Your goal
Given the entries that follow, write out exactly the lines starting at the one containing "exists w => // k; have [_ hs] := hL k." and ending at the one containing "move=> hX hY", both ends included, and only those.

------ The data

Lemma Pi_setT i P : Pi A t i P -> P setT = 1.
Proof.
move=> hP; have [[hadd [MP hMP]] _] := hP.
have hTA := field_setT ts_field; have hT1 := inB_indic (R := R) hTA.
apply/eqP; rewrite -subr_eq0; apply/eqP.
apply: (eq0_of_norm_le_mul (C := 1)) => // e he.
have [Q [[n [lam [ws [h0 [h1 ->]]]]] _ hc]] :=
  wstar_closure_near (f := fun _ : 'I_0 => \1_setT) hP (fun k => hT1) hT1 he.
move: hc; rewrite (integral_indic ts_field hadd hMP hTA).
rewrite (integral_indic ts_field (mixture_additive i lam ws) (mixture_norm_le1 i ws h0 h1) hTA).
have -> : \sum_k lam k * t i (ws k) setT = 1.
  by rewrite -h1; apply: eq_bigr => k _; rewrite (pba_setT (ts_pba i (ws k))) mulr1.
by rewrite distrC mul1r => /ltW.
Qed.

End TypeSpace.

Section Cells.
Context {R : realType} {Omega N : Type} (A : set (set Omega)).
Variables (M : N -> set (set Omega)) (t : N -> Omega -> set Omega -> R).
Hypothesis hT : type_space A M t.
Variable i : N.

(* [t i v] gives full mass to the [M i]-set [cell] on which simple approximants
   of the [h k] keep their values at [v]; hence [X] meets [cell]. *)
Lemma exists_near_in n (h : 'I_n -> Omega -> R) :
  (forall k, inB (M i) (h k)) -> forall v X, A X -> t i v X != 0 ->
  forall eta, 0 < eta -> exists2 w, X w & forall k, `|h k w - h k v| < eta.
Proof.
move=> hh v X hX hvX eta heta.
have heta2 : 0 < eta / 2 by apply: divr_gt0.
have approx k : exists l, simple_over (M i) l /\ forall w, `|h k w - sfun l w| < eta / 2.
  by have [l ? ?] := (inB_sfunP _ _).1 (hh k) _ heta2; exists l.
have [L hL] := choice _ approx.
pose cell := [set u | forall k, sfun (L k) u = sfun (L k) v].
have hcell : M i cell.
  apply: (field_bigcap (ts_Mfield hT i)) => k.
  exact: (field_sfun_preimage (fun x => x = sfun (L k) v) (ts_Mfield hT i) (hL k).1).
have vcell : t i v cell = 1 by apply: (ts_knows hT hcell).
have [w [Xw cw]] : (X `&` cell) !=set0.
  apply: (pba_neq0 (ts_field hT) (ts_pba hT i v)).
  by rewrite -(pba_setI_eq1 (ts_field hT) (ts_pba hT i v) (ts_MA hT hcell)).
exists w => // k; have [_ hs] := hL k.
have := hs w; have := hs v; rewrite (cw k) !ltr_norml => /andP [? ?] /andP [? ?].
by apply/andP; split; lra.
Qed.

Lemma Pi_eq_of_types X Y P : A X -> A Y -> (forall w, t i w X = t i w Y) ->
  Pi A t i P -> P X = P Y.
Proof.
move=> hX hY hXY hP; have [[hadd [MP hMP]] _] := hP; have HA := ts_field hT.
apply/eqP; rewrite -subr_eq0; apply/eqP.
apply: (eq0_of_norm_le_mul (C := 2)) => // e he.
have [_ [[n [lam [ws [h0 [h1 ->]]]]] hc1 hc2]] :=
  wstar_closure_near (f := fun _ : 'I_1 => \1_X) hP (fun k => inB_indic hX) (inB_indic hY) he.
move: {hc1}(hc1 ord0) hc2.
have hmix := mixture_additive hT i lam ws; have bmix := mixture_norm_le1 hT i ws h0 h1.
rewrite !(integral_indic HA hadd hMP) // !(integral_indic HA hmix bmix) //.
under eq_bigr do rewrite hXY.
move=> /ltW h1X /ltW h1Y; apply: le_trans (ler_distD _ _ _) _.
by rewrite distrC (_ : 2 * e = e + e); [exact: (lerD h1X h1Y) | ring].
Qed.

End Cells.

Lemma dist_ratio_lt {R : realType} (X Y D D' G eta eps : R) : 0 < D -> D / 2 <= D' ->
  `|Y - X| <= 2 * eta -> `|D' - D| <= eta -> `|X| <= G ->
  eta * (4 * D^-1 + 2 * G * (D^-1 * D^-1)) < eps -> `|Y / D' - X / D| < eps.
Proof.
move=> hD hD' hYX hDD hX heps.
have hD'0 : 0 < D' by apply: lt_le_trans hD'; apply: divr_gt0.
set a := D^-1; set b := D'^-1.
have ha : 0 < a by rewrite invr_gt0.
have hb : 0 < b by rewrite invr_gt0.
have hba : b <= 2 * a.
  by rewrite (_ : 2 * a = (D / 2)^-1) ?lef_pV2 ?posrE ?divr_gt0 // /a invf_div mulrC.
have eta0 : 0 <= eta by apply: le_trans (normr_ge0 _) hDD.
have G0 : 0 <= G by apply: le_trans (normr_ge0 _) hX.
have -> : Y / D' - X / D = (Y - X) * b + X * ((D - D') * a * b).
  by rewrite /a /b; field; rewrite !lt0r_neq0.
apply: le_lt_trans (ler_normD _ _) (le_lt_trans _ heps); rewrite mulrDr.
apply: lerD; rewrite !normrM (gtr0_norm hb).
  rewrite (_ : eta * (4 * a) = (2 * eta) * (2 * a)); last by ring.
  by apply: ler_pM => //; exact: ltW.
rewrite (gtr0_norm ha) distrC.
rewrite (_ : eta * _ = (G * eta * a) * (2 * a)); last by rewrite /a; ring.
rewrite (_ : `|X| * _ = (`|X| * `|D' - D| * a) * b); last by ring.
have a0 := ltW ha; have b0 := ltW hb.
apply: ler_pM; rewrite ?mulr_ge0 //.
by apply: ler_pM; rewrite ?mulr_ge0 //; apply: ler_pM.
Qed.

Lemma ratio_near {R : realType} (D G eps : R) : 0 < D -> 0 <= G -> 0 < eps ->
  exists2 eta, 0 < eta & forall D', `|D' - D| <= eta ->
    0 < D' /\ forall X Y, `|Y - X| <= 2 * eta -> `|X| <= G -> `|Y / D' - X / D| < eps.
Proof.
move=> hD G0 heps.
pose K := 4 * D^-1 + 2 * G * (D^-1 * D^-1).
have K0 : 0 <= K by rewrite addr_ge0 ?mulr_ge0 ?invr_ge0 // ltW.
pose eta := Num.min (D / 2) (eps / (K + 1)).
have etaD : eta <= D / 2 by rewrite ge_min lexx.
have etaK : eta * K < eps.
  have : eta <= eps / (K + 1) by rewrite ge_min lexx orbT.
  by rewrite ler_pdivlMr; nra.
exists eta => [|D' hDD]; first by rewrite lt_min !divr_gt0 //; lra.
have hD' : D / 2 <= D' by move: hDD; rewrite ler_norml => /andP [? ?]; lra.
split=> [|X Y hYX hX]; last exact: (dist_ratio_lt hD hD' hYX hDD hX etaK).
by apply: lt_le_trans hD'; apply: divr_gt0.
Qed.

Section CommonCertainty.
Context {R : realType} {Omega N : Type} (A : set (set Omega)).
Variables (M : N -> set (set Omega)) (t : N -> Omega -> set Omega -> R).
Hypothesis hT : type_space A M t.
Variables (I : set N) (S E : set Omega).
Hypothesis hE : A E.
Hypothesis ES : E `<=` S.
Hypothesis certain : forall w i, S w -> I i -> t i w E = 1.
Local Notation val := (@proj1_sig Omega S).
Local Notation tS := (induced_t A S I t).
Let HA := ts_field hT.

Lemma type_setI_certain i w F : S w -> I i -> A F -> t i w F = t i w (F `&` E).
Proof. by move=> hw hi hF; apply: (pba_setI_eq1 HA (ts_pba hT i w)) => //; apply: certain. Qed.

Lemma induced_preimage_setI (j : {i | I i}) (w : {w | S w}) F : A F ->
  tS j w (val @^-1` F) = t (sval j) (val w) (F `&` E).
Proof.
move=> hF; rewrite /induced_t restr_sfE.
have [hF' e] := restr_repP (ex_intro2 _ _ F hF erefl : restr_fam S A (val @^-1` F)).
rewrite (type_setI_certain (proj2_sig w) (proj2_sig j) hF').
by rewrite -(preimage_val_setI ES e).
Qed.

Lemma induced_preimage (j : {i | I i}) (w : {w | S w}) F : A F ->
  tS j w (val @^-1` F) = t (sval j) (val w) F.
Proof.
by move=> hF; rewrite induced_preimage_setI // -type_setI_certain //; apply: proj2_sig.
Qed.

Lemma induced_additive j w : fin_additive (restr_fam S A) (tS j w).
Proof.
apply: (conditioning_additive HA ES hE (mu := t (sval j) (val w)) (a := 1)).
  by move=> F hF; rewrite mul1r induced_preimage_setI.
exact: (type_additive hT).
Qed.

Lemma induced_norm_le1 j w G : restr_fam S A G -> `|tS j w G| <= 1.
Proof.
move=> hG; rewrite -[1]mul1r -{1}normr1.
apply: (conditioning_bounded HA hE (mu := t (sval j) (val w))) => //.
  by move=> F hF; rewrite mul1r induced_preimage_setI.
exact: (type_norm_le1 hT).
Qed.

Lemma Pi_pushforward (j : {i | I i}) Q : Pi (restr_fam S A) tS j Q ->
  Pi A t (sval j) (fun F => Q (val @^-1` F)).
Proof.
move=> [[hQa [MQ hQM]] hQ].
have hPa := pushforward_additive hQa; have hPM := pushforward_bounded hQM.
split=> [|n f hf e he]; first by split=> //; exists MQ.
have [_ [[n' [lam [ws [h0 [h1 ->]]]]] hc]] :=
  hQ n (fun k => f k \o val) (fun k => inB_comp_val S (hf k)) e he.
exists (fun F => \sum_k lam k * t (sval j) (val (ws k)) F).
split=> [|k]; first by exists n', lam, (fun k => val (ws k)).
have := hc k; rewrite (integral_pushforward HA hQa hQM hPa hPM (fun F _ => erefl) (hf k)).
have mixE F : A F -> \sum_k lam k * tS j (ws k) (val @^-1` F) =
    \sum_k lam k * t (sval j) (val (ws k)) F.
  by move=> hF; apply: eq_bigr => k' _; rewrite induced_preimage.
by rewrite (integral_pushforward HA (fin_additive_sum lam (fun k => induced_additive j (ws k)))
  (norm_sum_le lam (fun k => induced_norm_le1 j (ws k)))
  (mixture_additive hT (sval j) lam (fun k => val (ws k)))
  (mixture_norm_le1 hT (sval j) (fun k => val (ws k)) h0 h1) mixE (hf k)).
Qed.


Section Player.
Variable i : N.
Hypothesis hi : I i.

Lemma type_certain_01 w : t i w E = 0 \/ t i w E = 1.
Proof.
have [h0|hn0] := eqVneq (t i w E) 0; [by left | right].
apply/eqP; rewrite -subr_eq0; apply/eqP.
apply: (eq0_of_norm_le_mul (C := 1)) => // e he.
have [w' Ew' /(_ ord0)] := exists_near_in hT (h := fun _ : 'I_1 => fun v => t i v E)
  (fun _ => ts_inB hT i hE) hE hn0 he.
by rewrite /= (certain (ES Ew') hi) mul1r distrC => /ltW.
Qed.

Definition certainty_set := [set v | t i v E = 1].

Lemma certainty_set_M : M i certainty_set.
Proof.
have h2 : (0 : R) < 1 / 2 by lra.
have [l hl hs] := (inB_sfunP _ _).1 (ts_inB hT i hE) _ h2.
have -> : certainty_set = [set v | 1 / 2 < sfun l v].
  apply/seteqP; split=> v; rewrite /certainty_set /=;
    have := hs v; rewrite ltr_norml => /andP [? ?].
    by move=> h; lra.
  by case: (type_certain_01 v) => // h ?; exfalso; lra.
exact: (field_sfun_preimage (fun x => 1 / 2 < x) (ts_Mfield hT i) hl).
Qed.

Lemma type_certainty_set v : t i v E = t i v certainty_set.
Proof.
case: (type_certain_01 v) => h; last by rewrite h (ts_knows hT certainty_set_M).
rewrite h (ts_knows_not hT certainty_set_M) // /certainty_set /= h.
by move=> /esym /eqP; rewrite oner_eq0.
Qed.

Lemma Pi_certain_ge (P : set Omega -> R) d : Pi A t i P ->
  (forall F, A F -> S `<=` F -> d <= P F) -> d <= P E.
Proof.
move=> hP hd; have hB := ts_MA hT certainty_set_M.
rewrite (Pi_eq_of_types hT hE hB type_certainty_set hP).
by apply: hd => // w hw; apply: certain.
Qed.

Definition type_integral (f : Omega -> R) v := integral A (t i v) f.

Lemma inB_type_integral f : inB A f -> inB (M i) (type_integral f).
Proof.
move=> hf; apply: inB_uniform_limit => e he.
have [l hl] := approximates_exists hf (divr_gt0 he (ltr0Sn R 1)); have [hsl _ _] := hl.
exists (fun v => sint (t i v) l).
  apply: (inB_sum (F := fun p v => p.1 * t i v p.2)) => p /hsl hp.
  exact: (inB_scale p.1 (ts_inB hT i hp)).
move=> v; have := integral_approx HA (type_additive hT i v) (type_norm_le1 hT i v) hf hl.
by rewrite distrC mulr1 => /le_trans; apply; lra.
Qed.

End Player.

Lemma integral_induced (j : {i | I i}) (w : {w | S w}) g : inB (restr_fam S A) g ->
  integral (restr_fam S A) (tS j w) g = type_integral (sval j) (extend0 ES g) (val w).
Proof.
move=> hg; rewrite /type_integral -[RHS]mul1r.
apply: (integral_conditioning HA ES hE (type_additive hT _ _) (type_norm_le1 hT _ _) _ hg).
by move=> F hF; rewrite mul1r induced_preimage_setI.
Qed.

Lemma certain_mixture_near i (hi : I i) (w0 : {w | S w}) n' (lam : 'I_n' -> R)
    (ws : 'I_n' -> Omega) n (g : 'I_n -> {w | S w} -> R) eta :
  (forall m, 0 <= lam m) -> \sum_m lam m = 1 ->
  (forall k, inB (restr_fam S A) (g k)) -> 0 < eta ->
  exists W : 'I_n' -> {w | S w}, forall k,
    `|\sum_m lam m * t i (ws m) E * type_integral i (extend0 ES (g k)) (val (W m)) -
      \sum_m lam m * type_integral i (extend0 ES (g k)) (ws m)| <= eta.
Proof.
move=> h0 h1 hg heta.
pose phi k := type_integral i (extend0 ES (g k)).
have hphi k : inB (M i) (phi k) := inB_type_integral i (inB_extend0 HA ES hE (hg k)).
have hW m : exists W : {w | S w},
    t i (ws m) E = 1 -> forall k, `|phi k (val W) - phi k (ws m)| < eta.
  have [hm|hm] := eqVneq (t i (ws m) E) 1; last by exists w0 => h; rewrite h eqxx in hm.
  have hm0 : t i (ws m) E != 0 by rewrite hm oner_eq0.
  have [w Ew hw] := exists_near_in hT hphi hE hm0 heta.
  by exists (exist _ w (ES Ew)).
have [W hW'] := choice _ hW.
exists W => k; rewrite -sumrB; apply: le_trans (ler_norm_sum _ _ _) _.
rewrite -[eta]mul1r -h1 mulr_suml; apply: ler_sum => m _; rewrite -/(phi k).
have [hm|hm] := type_certain_01 hi (ws m).
  have -> : phi k (ws m) = 0.
    exact: (integral_extend0_null HA ES hE (ts_pba hT i (ws m)) hm (hg k)).
  by rewrite hm !mulr0 mul0r subrr normr0 mulr_ge0 // ltW.
rewrite hm mulr1 -mulrBr normrM ger0_norm //; apply: ler_wpM2l => //.
exact/ltW/hW'.
Qed.

Lemma integral_induced_sum (j : {i | I i}) n (mu : 'I_n -> R) (W : 'I_n -> {w | S w}) g :
  inB (restr_fam S A) g ->
  integral (restr_fam S A) (fun G => \sum_m mu m * tS j (W m) G) g =
  \sum_m mu m * type_integral (sval j) (extend0 ES g) (val (W m)).
Proof.
move=> hg; rewrite (integral_sum (restr_fam_field HA S) mu
  (fun m => induced_additive j (W m)) (fun m => induced_norm_le1 j (W m)) hg).
by apply: eq_bigr => m _; rewrite integral_induced.
Qed.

------------

Answer
exists w => // k; have [_ hs] := hL k.
have := hs w; have := hs v; rewrite (cw k) !ltr_norml => /andP [? ?] /andP [? ?].
by apply/andP; split; lra.
Qed.

Lemma Pi_eq_of_types X Y P : A X -> A Y -> (forall w, t i w X = t i w Y) ->
  Pi A t i P -> P X = P Y.
Proof.
move=> hX hY hXY hP; have [[hadd [MP hMP]] _] := hP; have HA := ts_field hT.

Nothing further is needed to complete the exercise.